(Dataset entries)
+ + + +
(* Let $\mathbb C$ be a homological category with finite colimits, and let $x\colon X\to A$, $y\colon Y\to A$ be morphisms whose images are normal monomorphisms. Then the following are equivalent: (a) the span $A/X\leftarrow A\to A/Y$ admits an internal pregroupoid structure; (b) the span $A/X\leftarrow A\to A/Y$ admits a unique internal pregroupoid structure; (c) $[(X,x),(Y,y)]_1=0$.
   Context: A homological category is a regular pointed category in which the Split Short Five Lemma holds; images are taken in the (regular epi, mono) factorization; a normal monomorphism is a kernel of some morphism. Notation: $\iota_i$ coproduct injections, $[a,b,c]$ copairing, $\langle\cdot\rangle$ pairing. $A_3=A\times_{A/X}A\times_{A/Y}A$ is the limit of $A\xrightarrow{\mathsf{coker}(x)}A/X\xleftarrow{\mathsf{coker}(x)}A\xrightarrow{\mathsf{coker}(y)}A/Y\xleftarrow{\mathsf{coker}(y)}A$. An internal pregroupoid structure on the span $A/X\leftarrow A\to A/Y$ is a morphism $p\colon A_3\to A$ with $p\langle\pi_1,\pi_2,\pi_2\rangle=\pi_1$ on $A\times_{A/X}A$ and $p\langle\pi_1,\pi_1,\pi_2\rangle=\pi_2$ on $A\times_{A/Y}A$ ($\pi_1,\pi_2$ the kernel-pair projections). $[(X,x),(Y,y)]_1$ denotes the $1$-weighted subobject commutator: the image under $[1_A,x,y]\colon A+X+Y\to A$ of the kernel of $\langle [\iota_1,\iota_2,0],[\iota_1,0,\iota_2]\rangle\colon A+X+Y\to (A+X)\times_A(A+Y)$, where $(A+X)\times_A(A+Y)$ is the pullback of $[1,0]\colon A+X\to A$ and $[1,0]\colon A+Y\to A$; ''$=0$'' means it is the zero subobject. *)

Set Implicit Arguments.
Unset Strict Implicit.
(* For all programs $P,S_1,S_2,Q,\gamma$: if the operational triples $\{|P|\}\ S_1\ \{|Q|\}$ and $\{|Q|\}\ S_2\ \{|\gamma|\}$ hold, then $\{|P|\}\ S_1;S_2\ \{|\gamma|\}$ holds.
   Context: Programs are statements of a sequential imperative language with a standard small-step operational semantics over program states. $\mathrm{behs}(P)$ is the set of pairs (initial state, final state) of finite terminating executions of $P$; $(s,u)\in\mathrm{behs}(P;Q)$ iff there is $t$ with $(s,t)\in\mathrm{behs}(P)$ and $(t,u)\in\mathrm{behs}(Q)$. The post-state set is $\mathrm{pst}(P)=\{t:\exists s,\ (s,t)\in\mathrm{behs}(P)\}$. The operational triple $\{|P|\}\ S\ \{|Q|\}$ is defined to mean $\mathrm{pst}(P;S)\subseteq\mathrm{pst}(Q)$. *)

From Stdlib Require Import ZArith Relations.

Definition var := nat.
Definition state := var -> Z.
Definition aexp := state -> Z.
Definition bexp := state -> bool.

Inductive stmt : Type :=
| Skip : stmt
| Assign : var -> aexp -> stmt
| Seq : stmt -> stmt -> stmt
| If : bexp -> stmt -> stmt -> stmt
| While : bexp -> stmt -> stmt.

Definition update (s : state) (x : var) (v : Z) : state :=
  fun y => if Nat.eqb y x then v else s y.

Inductive step : stmt * state -> stmt * state -> Prop :=
| step_assign : forall x a s, step (Assign x a, s) (Skip, update s x (a s))
| step_seq_skip : forall Q s, step (Seq Skip Q, s) (Q, s)
| step_seq : forall P P' Q s s',
    step (P, s) (P', s') -> step (Seq P Q, s) (Seq P' Q, s')
| step_if_true : forall b P Q s, b s = true -> step (If b P Q, s) (P, s)
| step_if_false : forall b P Q s, b s = false -> step (If b P Q, s) (Q, s)
| step_while : forall b P s,
    step (While b P, s) (If b (Seq P (While b P)) Skip, s).

Definition steps := clos_refl_trans _ step.

Definition behs (P : stmt) (s t : state) : Prop := steps (P, s) (Skip, t).

Definition pst (P : stmt) (t : state) : Prop := exists s, behs P s t.

Definition optriple (P S Q : stmt) : Prop :=
  forall t, pst (Seq P S) t -> pst Q t.

(* Every terminating run of [A; B] first runs [A] to [Skip] inside the
   sequence, then steps into [B]; so the behaviours of a sequence are the
   relational composition of the behaviours of its parts.  Hence a post-state
   of [P; (S1; S2)] arises from some post-state [m] of [P; S1] by running [S2];
   the first triple makes [m] a post-state of [Q], so the final state is a
   post-state of [Q; S2], and the second triple concludes. *)
From Stdlib Require Import Relations.

Lemma steps_seq_left A A' B s s' :
  steps (A, s) (A', s') -> steps (Seq A B, s) (Seq A' B, s').
Proof.
  intro H; apply clos_rt_rt1n in H; apply clos_rt1n_rt.
  remember (A, s) as c eqn:Ec; remember (A', s') as c' eqn:Ec'.
  revert A s Ec; induction H as [c | c [A1 s1] c' Hstep _ IH];
    intros A s Ec; subst.
  - injection Ec as -> ->; constructor.
  - econstructor; [apply step_seq, Hstep | exact (IH eq_refl _ _ eq_refl)].
Qed.

Lemma behs_seq_intro A B s m t :
  behs A s m -> behs B m t -> behs (Seq A B) s t.
Proof.
  intros HA HB; eapply rt_trans; [apply steps_seq_left, HA |].
  eapply rt_trans; [apply rt_step, step_seq_skip | exact HB].
Qed.

Lemma behs_seq_elim A B s t :
  behs (Seq A B) s t -> exists m, behs A s m /\ behs B m t.
Proof.
  unfold behs; intro H; apply clos_rt_rt1n in H.
  remember (Seq A B, s) as c eqn:Ec; remember (Skip, t) as c' eqn:Ec'.
  revert A s Ec; induction H as [c | c c1 c' Hstep Hrest IH];
    intros A s Ec; subst; [discriminate |].
  inversion Hstep as [| ? ? | ? A' ? ? s' HA | | |]; subst.
  - exists s; split; [apply rt_refl | apply clos_rt1n_rt, Hrest].
  - destruct (IH eq_refl A' s' eq_refl) as (m & HAm & HBm).
    exists m; split; [eapply rt_trans; [apply rt_step, HA | exact HAm] | exact HBm].
Qed.

Lemma pst_seq A B t :
  pst (Seq A B) t <-> exists m, pst A m /\ behs B m t.
Proof.
  split.
  - intros [s Hs]; destruct (behs_seq_elim _ _ _ _ Hs) as (m & HA & HB).
    exists m; split; [exists s; exact HA | exact HB].
  - intros (m & [s HA] & HB); exists s; exact (behs_seq_intro _ _ _ _ _ HA HB).
Qed.

Theorem proposition8 (P S1 S2 Q gamma : stmt) :
  optriple P S1 Q -> optriple Q S2 gamma -> optriple P (Seq S1 S2) gamma.
Proof.
  intros H1 H2 t Ht.
  apply pst_seq in Ht as (m & HPm & HS).
  apply behs_seq_elim in HS as (m' & HS1 & HS2).
  assert (HQ : pst Q m') by (apply H1, pst_seq; eauto).
  apply H2, pst_seq; eauto.
Qed.
Lemma linear_map_scale_sub (I J : finType) (L : op R I -> op R J) (c : C) (X Y : op R I) :
  linear_map L -> L (fun a b => c * X a b - Y a b) = (fun a b => c * L X a b - L Y a b).
Proof.
case=> LD LZ.
have -> : (fun a b => c * X a b - Y a b)
    = (fun a b => (fun a b => c * X a b) a b + (fun a b => -1 * Y a b) a b).
  by apply: op_ext => a b; rewrite mulN1r.
by rewrite LD !LZ; apply: op_ext => a b; rewrite mulN1r.
Qed.

Lemma linear_map_opcomb (I J K : finType) (L : op R I -> op R J)
    (e : K -> C) (F : K -> op R I) :
  linear_map L -> L (opcomb e F) = opcomb e (fun k => L (F k)).
Proof.
move=> linL; have [LD LZ] := linL; rewrite /opcomb.
elim: (index_enum K) => [|k r IH].
  rewrite (_ : (fun a b => \sum_(k <- [::]) e k * F k a b) = fun _ _ => 0).
    by rewrite linear_map0 //; apply: op_ext => a b; rewrite big_nil.
  by apply: op_ext => a b; rewrite big_nil.
rewrite (_ : (fun a b => \sum_(l <- k :: r) e l * F l a b) = fun a b =>
    (fun a b => e k * F k a b) a b + (fun a b => \sum_(l <- r) e l * F l a b) a b).
  by rewrite LD LZ IH; apply: op_ext => a b; rewrite big_cons.
by apply: op_ext => a b; rewrite big_cons.
Qed.

Lemma hsdot_self_ge0 (I : finType) (X : op R I) : 0 <= hsdot X X.
Proof. by apply: sumr_ge0 => a _; apply: sumr_ge0 => b _; rewrite mulrC mul_conjC_ge0. Qed.

Lemma hsdot_sub_self (I : finType) (X Y : op R I) :
  hsdot (fun a b => X a b - Y a b) (fun a b => X a b - Y a b)
  = hsdot X X - (hsdot X Y + hsdot Y X) + hsdot Y Y.
Proof.
rewrite /hsdot -!big_split -sumrB -big_split; apply: eq_bigr => a _.
rewrite -!big_split -sumrB -big_split; apply: eq_bigr => b _.
by rewrite /= rmorphB; ring.
Qed.

Lemma hsdot_opcombl (I K : finType) (e : K -> C) (F : K -> op R I) (Y : op R I) :
  hsdot (opcomb e F) Y = \sum_k (e k)^* * hsdot (F k) Y.
Proof.
rewrite /hsdot /opcomb.
transitivity (\sum_a \sum_b \sum_k (e k)^* * ((F k a b)^* * Y a b)).
  apply: eq_bigr => a _; apply: eq_bigr => b _.
  by rewrite rmorph_sum mulr_suml; apply: eq_bigr => k _; rewrite rmorphM; ring.
rewrite sum3_exchange; apply: eq_bigr => k _.
by rewrite mulr_sumr; apply: eq_bigr => a _; rewrite mulr_sumr.
Qed.

Lemma hsdot_opcombr (I K : finType) (e : K -> C) (F : K -> op R I) (Y : op R I) :
  hsdot Y (opcomb e F) = \sum_k e k * hsdot Y (F k).
Proof.
rewrite /hsdot /opcomb.
transitivity (\sum_a \sum_b \sum_k e k * ((Y a b)^* * F k a b)).
  apply: eq_bigr => a _; apply: eq_bigr => b _.
  by rewrite mulr_sumr; apply: eq_bigr => k _; ring.
rewrite sum3_exchange; apply: eq_bigr => k _.
by rewrite mulr_sumr; apply: eq_bigr => a _; rewrite mulr_sumr.
Qed.

Lemma conj_inner d (u v : 'I_d -> C) : (inner u v)^* = inner v u.
Proof. by rewrite /inner rmorph_sum; apply: eq_bigr => k _; rewrite rmorphM /= conjCK mulrC. Qed.

Lemma inner_self_ge0 d (x : 'I_d -> C) : 0 <= inner x x.
Proof. by apply: sumr_ge0 => a _; rewrite mulrC mul_conjC_ge0. Qed.

Lemma inner_self_eq0 d (x : 'I_d -> C) : inner x x = 0 -> forall a, x a = 0.
Proof.
move=> x0 a; have x_ge0 (b : 'I_d) : true -> 0 <= (x b)^* * x b.
  by move=> _; rewrite mulrC mul_conjC_ge0.
have /eqP := psumr_eq0P x_ge0 x0 (i := a) isT.
by rewrite mulf_eq0 conjC_eq0 orbb => /eqP.
Qed.

Lemma qform_proj_shift d (u x : 'I_d -> C) (s : C) :
  qform (proj_shift u s) x = inner x u * inner u x - s * inner x x.
Proof.
rewrite /qform /inner mulr_suml mulr_sumr -sumrB; apply: eq_bigr => a _.
transitivity (\sum_b ((x a)^* * u a * ((u b)^* * x b)) - s * \sum_b idop a b * ((x a)^* * x b)).
  by rewrite mulr_sumr -sumrB; apply: eq_bigr => b _; rewrite /proj_shift; ring.
by rewrite sum_idopl -mulr_sumr.
Qed.

Lemma hsdot_proj_shift d (u v : 'I_d -> C) (s s' : C) :
  hsdot (proj_shift u s) (proj_shift v s')
  = inner u v * inner v u - s' * inner u u - s^* * inner v v + s^* * s' * d%:R.
Proof.
rewrite /hsdot.
transitivity (\sum_a \sum_b ((u a)^* * v a * (u b * (v b)^*)
   - s' * (idop a b * ((u a)^* * u b)) - s^* * (idop a b * (v a * (v b)^*))
   + s^* * s' * (idop a b * idop a b))).
  apply: eq_bigr => a _; apply: eq_bigr => b _.
  by rewrite /proj_shift rmorphB !rmorphM /= conjCK conj_idop; ring.
rewrite (eq_bigr (fun a => (u a)^* * v a * inner v u - s' * ((u a)^* * u a)
    - s^* * (v a * (v a)^*) + s^* * s')); last first.
  move=> a _; rewrite !big_split /= !sumrN -!mulr_sumr !sum_idopl /idop eqxx mulr1.
  by rewrite /inner; congr (_ * _ - _ - _ + _); apply: eq_bigr => k _; rewrite mulrC.
rewrite !big_split /= !sumrN -!mulr_suml -!mulr_sumr sumr_const card_ord -mulr_natr /inner.
rewrite [X in _ - s^* * X](eq_bigr (fun i => (v i)^* * v i)); last by move=> i _; rewrite mulrC.
ring.
Qed.

Lemma hsdot_proj_shift_unit d (u v : 'I_d -> C) :
  (0 < d)%N -> inner u u = 1 -> inner v v = 1 ->
  hsdot (proj_shift u d%:R^-1) (proj_shift v d%:R^-1) = inner u v * inner v u - d%:R^-1.
Proof.
move=> d_gt0 u_unit v_unit; rewrite hsdot_proj_shift u_unit v_unit fmorphV /= conjC_nat.
by field; rewrite pnatr_eq0 -lt0n.
Qed.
+ + + +
WHAT TO DO
Print nothing but the lines from the line with "by rewrite /inner;" to the last line of the records above. Both of those lines count.

RESPONSE FOR THIS EXERCISE
  by rewrite /inner; congr (_ * _ - _ - _ + _); apply: eq_bigr => k _; rewrite mulrC.
rewrite !big_split /= !sumrN -!mulr_suml -!mulr_sumr sumr_const card_ord -mulr_natr /inner.
rewrite [X in _ - s^* * X](eq_bigr (fun i => (v i)^* * v i)); last by move=> i _; rewrite mulrC.
ring.
Qed.

Lemma hsdot_proj_shift_unit d (u v : 'I_d -> C) :
  (0 < d)%N -> inner u u = 1 -> inner v v = 1 ->
  hsdot (proj_shift u d%:R^-1) (proj_shift v d%:R^-1) = inner u v * inner v u - d%:R^-1.
Proof.
move=> d_gt0 u_unit v_unit; rewrite hsdot_proj_shift u_unit v_unit fmorphV /= conjC_nat.
by field; rewrite pnatr_eq0 -lt0n.
Qed.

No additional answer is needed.